Hi friends! Here’s another marketing post, by request. It’s another lengthy one, so if you’re in for the long haul, buckle up.
This post covers the bare essentials of setting up your blog for success. I didn’t cover reaching out to the blogging community, even though they are amazingly supportive, because I wanted to focus on how to breach through to a larger audience.
Is there something I missed? Comment below!
Note: If you’re wondering why the heck you should even read my marketing advice, check out my BOOK Marketing 101 post for my credentials. I’m not going to type them out again, I feel pretentious doing so. Also, with regard to email marketing, Dea Poirier has a wonderful post on Email Marketing as an Author which covers some of the legal and social aspects of having a mailing list. It’s mostly geared toward writers, but many of the points overlap for bloggers as well.
- Figure out what you’re going to write about.

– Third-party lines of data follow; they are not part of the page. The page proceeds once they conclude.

(* Assume $S^\perp(\mathcal T^\perp)=\{S^\perp y: y\in\mathcal T^\perp\}\neq\{0\}$ and define $$\nu:=\inf\Big\{\frac{\|T^\perp x\|}{\|x\|}:\ x\in S^\perp(\mathcal T^\perp),\ x\neq0\Big\}.$$ Then $\nu=\gamma(\mathcal S,\mathcal T^\perp)=\cos\theta_{\max}$.
   Context: $\mathcal H$ is a Hilbert space; $\mathcal S,\mathcal T\subseteq\mathcal H$ closed subspaces with orthogonal projectors $S,T$; $S^\perp=I-S$, $T^\perp=I-T$. For closed subspaces $\mathcal F,\mathcal G$ the minimal gap is $\gamma(\mathcal F,\mathcal G)=\inf_{g\in\mathcal F\setminus\mathcal G}\operatorname{dist}(g,\mathcal G)/\operatorname{dist}(g,\mathcal F\cap\mathcal G)$. With $P_{\mathcal F},P_{\mathcal G}$ the orthogonal projectors, the set of angles from $\mathcal F$ to $\mathcal G$ is $\hat\Theta(\mathcal F,\mathcal G)=\{\arccos\sigma:\ \sigma\ge0,\ \sigma^2\in\Sigma((P_{\mathcal F}P_{\mathcal G})|_{\mathcal F})\}$, where $\Sigma$ denotes the spectrum and $(\cdot)|_{\mathcal F}$ the restriction to $\mathcal F$; the angles between $\mathcal F$ and $\mathcal G$ are $\Theta(\mathcal F,\mathcal G)=\hat\Theta(\mathcal F,\mathcal G)\cap\hat\Theta(\mathcal G,\mathcal F)$. The largest nontrivial angle is $\theta_{\max}=\sup\big(\Theta(\mathcal S,\mathcal T)\setminus\{\pi/2\}\big)$, with the convention $\sup\emptyset=0$. *)

From Stdlib Require Import Reals Lra ClassicalEpsilon.
Open Scope R_scope.

Record HilbertSpace := {
  hcar :> Type;
  hzero : hcar;
  hadd : hcar -> hcar -> hcar;
  hopp : hcar -> hcar;
  hscal : R -> hcar -> hcar;
  hinner : hcar -> hcar -> R;
  hadd_assoc : forall x y z, hadd x (hadd y z) = hadd (hadd x y) z;
  hadd_comm : forall x y, hadd x y = hadd y x;
  hadd_zero : forall x, hadd x hzero = x;
  hadd_opp : forall x, hadd x (hopp x) = hzero;
  hscal_assoc : forall a b x, hscal a (hscal b x) = hscal (a * b) x;
  hscal_one : forall x, hscal 1 x = x;
  hscal_distr_v : forall a x y, hscal a (hadd x y) = hadd (hscal a x) (hscal a y);
  hscal_distr_s : forall a b x, hscal (a + b) x = hadd (hscal a x) (hscal b x);
  hinner_sym : forall x y, hinner x y = hinner y x;
  hinner_add : forall x y z, hinner (hadd x y) z = hinner x z + hinner y z;
  hinner_scal : forall a x y, hinner (hscal a x) y = a * hinner x y;
  hinner_pos : forall x, 0 <= hinner x x;
  hinner_def : forall x, hinner x x = 0 -> x = hzero;
  hcomplete : forall u : nat -> hcar,
    (forall eps, 0 < eps -> exists N, forall m n, (N <= m)%nat -> (N <= n)%nat ->
        sqrt (hinner (hadd (u m) (hopp (u n))) (hadd (u m) (hopp (u n)))) < eps) ->
    exists l, forall eps, 0 < eps -> exists N, forall n, (N <= n)%nat ->
        sqrt (hinner (hadd (u n) (hopp l)) (hadd (u n) (hopp l))) < eps
}.

Arguments hzero {_}.
Arguments hadd {_} _ _.
Arguments hopp {_} _.
Arguments hscal {_} _ _.
Arguments hinner {_} _ _.

Definition hsub {H : HilbertSpace} (x y : H) : H := hadd x (hopp y).
Definition hnorm {H : HilbertSpace} (x : H) : R := sqrt (hinner x x).

(* Rsup E = least upper bound if E is nonempty and bounded above;
   convention sup of the empty set = 0 (as in the paper). *)
Definition Rsup (E : R -> Prop) : R :=
  match excluded_middle_informative (bound E /\ exists x, E x) with
  | left h => proj1_sig (completeness E (proj1 h) (proj2 h))
  | right _ => 0
  end.
Definition Rinf (E : R -> Prop) : R := - Rsup (fun x => E (- x)).

Definition seq_lim {H : HilbertSpace} (u : nat -> H) (l : H) : Prop :=
  forall eps, 0 < eps -> exists N, forall n, (N <= n)%nat -> hnorm (hsub (u n) l) < eps.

- I know this seems fairly basic, perhaps you have a broad idea in your head. For ex. I’m a book blogger who focuses on YA/NA novels. That’s great, BUT A) there are a lot of different genres within YA/NA (ie. fantasy, sci-fi, romance, etc.) and B) due to its popularity, there are A LOT of other bloggers that focus on the same thing. So why should anyone care about what I have to say?

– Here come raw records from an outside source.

Lemma submonoid_halfspace_or_full n (S : 'rV[int]_n -> Prop) :
  S 0 -> (forall x y, S x -> S y -> S (x + y)) ->
  (exists v : 'rV[R]_n, v != 0 /\ forall s, S s -> 0 <= dotR v (zR R s))
  \/ (forall z, exists2 m, (0 < m)%N & S (z *+ m)).
Proof.
elim: n S => [|n IHn] S S0 SD.
  by right=> z; exists 1%N; rewrite // mulr1n (thinmx0 z).
have e0_neq0 : 'e_ord0 != 0 :> 'rV[R]_n.+1.
  by apply/eqP => /rowP/(_ ord0); rewrite !mxE !eqxx => /eqP; rewrite oner_eq0.
have [[a Sa a0]|a_npos] := pselect (exists2 a, S a & 0 < a 0 ord0); last first.
  left; exists (- 'e_ord0); rewrite oppr_eq0; split=> // s Ss.
  rewrite dotRNl dotR_delta mxE oppr_ge0 lerz0 leNgt.
  by apply/negP => s0; apply: a_npos; exists s.
have [[b Sb b0]|b_nneg] := pselect (exists2 b, S b & b 0 ord0 < 0); last first.
  left; exists 'e_ord0; split=> // s Ss.
  rewrite dotR_delta mxE ler0z leNgt.
  by apply/negP => s0; apply: b_nneg; exists s.
pose slice (y : 'rV[int]_n) := S (row_mx (0 : 'rV_1) y).
have slice0 : slice 0 by rewrite /slice row_mx0.
have sliceD x y : slice x -> slice y -> slice (x + y).
  by move=> Sx Sy; rewrite /slice -[0 : 'rV_1]addr0 -add_row_mx; apply: SD.
have [[w [w0 hw]] | full] := IHn slice slice0 sliceD.
  by left; apply: (slice_separation_extends S0 SD Sa Sb a0 b0 w0 hw).
by right; apply: (slice_full_extends S0 SD Sa Sb a0 b0).
Qed.

End Separation.

Lemma lattice_trichotomy (R : realType) d (P : 'rV[int]_d -> Prop) :
  (exists v : 'rV[R]_d, v != 0 /\ forall p, P p -> 0 <= dotR v (zR R p))
  \/ (exists L : 'rV[int]_d -> Prop, strict_sublattice L /\ forall p, P p -> L p)
  \/ (exists Q : seq 'rV[int]_d, (forall q, q \in Q -> P q) /\
        spanning (fun q => q \in Q)).
Proof.
have PS p : P p -> sum_of P p by apply: sum_of1.
have [[v [v0 hv]] | full] :=
  submonoid_halfspace_or_full R (@sum_of0 _ P) (@sum_ofD _ P).
  by left; exists v; split=> // p /PS /hv.
right; have [[z Nz]|all_sums] := pselect (exists z, ~ sum_of P z).
  left; exists (sum_of P); split=> //; split; last by exists z.
  exact: submonoid_sublattice (@sum_of0 _ P) (@sum_ofD _ P) full.
right; have sums z : sum_of P z by apply: contrapT => Nz; apply: all_sums; exists z.
have [Q1 [Q1P e_Q1]] := sum_of_finite_support (fun i => sums 'e_i).
have [Q2 [Q2P Ne_Q2]] := sum_of_finite_support (fun i => sums (- 'e_i)).
exists (Q1 ++ Q2); split; first by move=> q; rewrite mem_cat => /orP[/Q1P | /Q2P].
have [k k_sum] := @sum_of_basis_l1norm _ (fun q => q \in Q1 ++ Q2)
  (fun i => sum_of_sub (mem_subseq (prefix_subseq Q1 Q2)) (e_Q1 i))
  (fun i => sum_of_sub (mem_subseq (suffix_subseq Q1 Q2)) (Ne_Q2 i)).
by move=> z; apply/sum_of_leP; exists (k * l1norm z)%N.
Qed.

Lemma mx_norm_ge_coef (R : realType) d (x : 'rV[R]_d) i : `|x 0 i| <= `|x|.
Proof.
by rewrite [`|x|]mx_normrE; apply/bigmax_geP; right; exists (0, i).
Qed.

Section NormOnRows.
Variables (R : realType) (d : nat) (N : 'rV[R]_d -> R).
Hypothesis normN : is_norm N.

Lemma is_norm_eq0 x : N x = 0 -> x = 0.
Proof. by case: normN => + _; apply. Qed.

Lemma is_normZ a x : N (a *: x) = `|a| * N x.
Proof. by case: normN => _ [-> _]. Qed.

Lemma is_norm_triangle x y : N (x + y) <= N x + N y.
Proof. by case: normN => _ [_ +]; apply. Qed.

Lemma is_norm0 : N 0 = 0.
Proof. by rewrite -(scale0r 0) is_normZ normr0 mul0r. Qed.

Lemma is_normN x : N (- x) = N x.
Proof. by rewrite -scaleN1r is_normZ normrN normr1 mul1r. Qed.

Lemma is_norm_ge0 x : 0 <= N x.
Proof.
have := is_norm_triangle x (- x); rewrite subrr is_norm0 is_normN.
by rewrite -mulr2n pmulrn_lge0.
Qed.

Lemma is_norm_dist x y : `|N x - N y| <= N (x - y).
Proof.
have := is_norm_triangle (x - y) y; have := is_norm_triangle (y - x) x.
rewrite !subrK -opprB is_normN ler_norml; lra.
Qed.

Lemma is_norm_le_mx_norm x : N x <= (\sum_(j < d) N ('e_j)) * `|x|.
Proof.
rewrite {1}[x]row_sum_delta mulr_suml.
apply: le_trans (_ : \sum_(j < d) N (x 0 j *: 'e_j) <= _).
  elim/big_ind2: _ => [|u a v b|j _]; rewrite ?is_norm0 //.
  by move=> ua vb; apply: le_trans (is_norm_triangle _ _) (lerD ua vb).
apply: ler_sum => j _; rewrite is_normZ mulrC.
by apply: ler_wpM2l; [exact: is_norm_ge0 | exact: mx_norm_ge_coef].
Qed.

Lemma is_norm_continuous : continuous N.
Proof.
pose K := \sum_(j < d) N ('e_j).
have K1 : 0 < K + 1 by rewrite ltr_pwDr // sumr_ge0 // => j _; apply: is_norm_ge0.
move=> x; apply/(@cvgrPdist_lt R R^o _ (nbhs x) (nbhs_filter x)) => e e0.
apply/(@nbhs_normP R ('rV[R]_d : normedModType R)).
exists (e / (K + 1)) => /=; first by rewrite divr_gt0.
move=> y /=; rewrite ltr_pdivlMr // => xy.
have := le_trans (is_norm_dist x y) (is_norm_le_mx_norm (x - y)); rewrite -/K.
have : K * `|x - y| <= (K + 1) * `|x - y| by rewrite ler_wpM2r // lerDl.
rewrite mulrC in xy; lra.
Qed.

(* [N] attains a positive minimum on the unit sphere of the sup norm, which is compact. *)
Lemma mx_norm_le_is_norm : exists2 c : R, 0 < c & forall x, `|x| <= c * N x.
Proof.
pose S := [set x : 'rV[R]_d | `|x| = 1]%classic.
have [[a Sa]|S0] := pselect (S !=set0)%classic; last first.
  exists 1 => // x; rewrite mul1r; have [->|x0] := eqVneq x 0.
    by rewrite normr0 is_norm0.
  by exfalso; apply: S0; exists (`|x|^-1 *: x); rewrite /S /= normfZV.
have Scompact : compact S.
  apply: bounded_closed_compact.
    by exists 1; split => // M M1 x Sx; rewrite /= Sx ltW.
  apply: (preimage_closed (f := Num.norm : 'rV[R]_d -> R) (D := [set 1]%classic)).
    by move=> z _; exact: norm_continuous.
  exact: closed_eq.
have [c Sc cmin] := EVT_min_rV (ex_intro _ a Sa) Scompact
  (continuous_subspaceT is_norm_continuous).
have Nc : 0 < N c.
  rewrite lt_def is_norm_ge0 andbT; apply/eqP => /is_norm_eq0 c0.
  by move: Sc; rewrite inE /S /= c0 normr0 => /eqP; rewrite eq_sym oner_eq0.
exists (N c)^-1 => [|x]; first by rewrite invr_gt0.
have [->|x0] := eqVneq x 0; first by rewrite normr0 is_norm0 mulr0.
have nx : 0 < `|x| by rewrite normr_gt0.
have /cmin : `|x|^-1 *: x \in S by rewrite inE /S /= normfZV.
rewrite is_normZ ger0_norm ?invr_ge0 // => /(ler_wpM2l (ltW nx)).
by rewrite mulrA mulfV ?gt_eqF // mul1r [_^-1 * _]mulrC ler_pdivlMr.
Qed.

End NormOnRows.

Lemma l1norm_le_mx_norm (R : realType) d (z : 'rV[int]_d) :
  (l1norm z)%:R <= d%:R * `|zR R z|.
Proof.
apply: le_trans (_ : \sum_(i < d) `|zR R z| <= _); last first.
  by rewrite sumr_const card_ord mulr_natl.
rewrite /l1norm natr_sum; apply: ler_sum => i _; rewrite natr_absz intr_norm.
by have := mx_norm_ge_coef (zR R z) i; rewrite mxE.
Qed.

Lemma sumr_le_size (R : numDomainType) (T : eqType) (s : seq T) (f : T -> R) B :
  (forall x, x \in s -> f x <= B) -> \sum_(x <- s) f x <= (size s)%:R * B.
Proof.
move=> fB; rewrite -sum1_size natr_sum mulr_suml big_seq [leRHS]big_seq.
by apply: ler_sum => x xs; rewrite mulr1n mul1r fB.
Qed.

- I personalize my blog in two ways, A) in my About page, I emphasize that I hold a degree in English Literature from the University of Texas, so I am qualified to discuss ALL literature (sorry that I didn’t go to law school Mom), and B) I have a section on my blog for book reviews and a section for my “rambling thoughts” as I like to call them. These are two ways in which I try to stand out, both by proving that my credibility and by allowing me to interact with readers. Thus far, my rambling thoughts section has consisted of requests made by readers, so thank you all for even taking the time to read it. I am truly humbled.

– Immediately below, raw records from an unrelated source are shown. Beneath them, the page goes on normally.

(* Indexing by the complement D = ~S, the rank drop is dim (colspace M ∩ F^D). *)
Lemma moment_termE (M : 'M['F_2]_(k, n)) : moment_term M =
  \sum_(D : {set 'I_k}) (- p) ^+ #|D| * p ^+ (\rank M - meet_rank M^T D).
Proof.
rewrite /moment_term (reindex_inj (@setC_inj _)) /=; apply: eq_bigr => D _.
by rewrite setCK -(rank_rows_split M (~: D)) setCK addnK.
Qed.

Definition robust_cols (M : 'M['F_2]_(k, n)) : bool := robust <<M^T>>%MS.

Lemma robust_colsP (M : 'M['F_2]_(k, n)) :
  reflect (forall i, ~~ (unitv i <= M^T)%MS) (robust_cols M).
Proof.
rewrite /robust_cols /robust; apply: (iffP forallP) => noUnit i;
by have := noUnit i; rewrite sensitiveE genmxE.
Qed.

(* Case (1): if e_i ∈ colspace M, the terms D and D + i cancel. *)
Lemma moment_term_nonrobust (M : 'M['F_2]_(k, n)) i :
  (unitv i <= M^T)%MS -> moment_term M = 0.
Proof.
move=> iM; rewrite moment_termE (bigID [pred D : {set 'I_k} | i \in D]) /=.
rewrite (reindex_onto (fun D => i |: D) (fun D => D :\ i)) /=; last first.
  by move=> D iD; rewrite setD1K.
have addiK D : ((i \in i |: D) && ((i |: D) :\ i == D)) = (i \notin D).
  rewrite setU11 /=; have [iD|iND] := boolP (i \in D); last by rewrite setU1K // eqxx.
  by apply/negbTE/eqP => eD; move: iD; rewrite -eD setD11.
under eq_bigl do rewrite addiK.
rewrite -big_split /=; apply: big1 => D iND.
have meet_le := meet_rank_le M^T (i |: D).
rewrite meet_rank_setU1 // mxrank_tr in meet_le.
rewrite meet_rank_setU1 // cardsU1 iND add1n.
have -> : (\rank M - meet_rank M^T D = (\rank M - (meet_rank M^T D).+1).+1)%N by lia.
by rewrite !exprS addrC !mulNr mulrCA mulrA subrr.
Qed.

(* Case (2): every D ≠ ∅ contributes at most p^(rank M + 1) in absolute value. *)
Lemma moment_term_tail (M : 'M['F_2]_(k, n)) : robust_cols M ->
  `|moment_term M - p ^+ \rank M| <= 2%:R ^+ k * p * p ^+ \rank M.
Proof.
move/robust_colsP => noUnit.
rewrite moment_termE (bigD1 set0) //= cards0 meet_rank0 subn0 expr0 mul1r addrAC subrr add0r.
apply: le_trans (ler_norm_sum _ _ _) _.
apply: (@le_trans _ _ (\sum_(D : {set 'I_k}) p ^+ (\rank M).+1)); last first.
  by rewrite sumr_const card_sets -[X in X <= _]mulr_natr natrX exprS mulrC mulrA.
apply: (@le_trans _ _ (\sum_(D | D != set0) p ^+ (\rank M).+1)).
  apply: ler_sum => D nonempty.
  rewrite normrM !normrX normrN (ger0_norm (ltW p_gt0)) -exprD.
  apply: ler_wiXn2l; [exact: ltW p_gt0|exact: p_le1|].
  have := meet_rank_lt_card noUnit nonempty; have := meet_rank_le M^T D.
  rewrite mxrank_tr => meet_le meet_lt.
  by rewrite -[X in (X < _)%N](subnK meet_le) [X in (_ < X)%N]addnC ltn_add2l.
by rewrite [X in _ <= X](bigD1 set0) //= lerDr pX_ge0.
Qed.

Lemma moment_term_bounds (M : 'M['F_2]_(k, n)) : robust_cols M -> 2%:R ^+ k * p <= 2^-1 ->
  p ^+ \rank M / 2%:R <= moment_term M /\ moment_term M <= 2%:R * p ^+ \rank M.
Proof.
move=> robM small; have q_ge0 := pX_ge0 (\rank M).
have tail_le : 2%:R ^+ k * p * p ^+ \rank M <= p ^+ \rank M / 2%:R.
  by rewrite [X in _ <= X]mulrC; apply: ler_wpM2r.
move: (moment_term_tail robM) tail_le q_ge0.
set q := p ^+ \rank M; set t := 2%:R ^+ k * p * q; set g := moment_term M.
by rewrite ler_norml => /andP [lo hi] tail_le q_ge0; split; lra.
Qed.

Definition robust_term (M : 'M['F_2]_(k, n)) : R :=
  \sum_(A : 'M['F_2]_k)
     (if [&& is_subspace_rep A, robust A & (M^T <= A)%MS] then p ^+ \rank A else 0).

Lemma card_T_set (A : 'M['F_2]_k) : (#|T_set n w A|%:R : R) =
  \sum_(M : 'M['F_2]_(k, n) | [forall i, hwt (row i M) == w]) ((M^T <= A)%MS)%:R.
Proof.
rewrite /T_set -sum1_card natr_sum big_mkcond /= [RHS]big_mkcond /=.
apply: eq_bigr => M _; rewrite inE.
have -> : [forall j, ((col j M)^T <= A)%MS] = (M^T <= A)%MS.
  by apply/forallP/row_subP => colsA j; have := colsA j; rewrite tr_col.
by case: [forall i, _]; case: (M^T <= A)%MS.
Qed.

Lemma robust_sum_terms : robust_sum k m n w =
  \sum_(M : 'M['F_2]_(k, n) | [forall i, hwt (row i M) == w]) robust_term M.
Proof.
rewrite /robust_sum /Rsum.
under eq_bigr => A _.
  rewrite RdivE INRE RpowE R2E exprM -exprVn -/p card_T_set mulr_suml if_sum.
  over.
rewrite exchange_big; apply: eq_bigr => M _; apply: eq_bigr => A _.
by rewrite andbA; case: (_ && _); case: (M^T <= A)%MS; rewrite /= ?mul1r ?mul0r.
Qed.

- While it’s important to differentiate yourself, do not beat a dead horse by posting it at the beginning of every post (or video, if you’re vlogging, but that is a post for another day.) A great way to have it featured is to have an “About the Author” section at the bottom of each post, especially if you have a stable of writers who collaborate on the blog.
- PERSONALITY IS IMPORTANT. Don’t be some emotionless voice on the internet. Unless you’re writing a science or tech blog, in which case by all means, feel free. But that’s still a part of your brand. As I said last week, branding deserves a post on its own, but I’ll go over some of the basics here and why it matters. I’ll also use my own website for an example. (Please note: I’ve technically had this website for a few months, but I hadn’t actually been active on it until last week, so it’s still being polished.)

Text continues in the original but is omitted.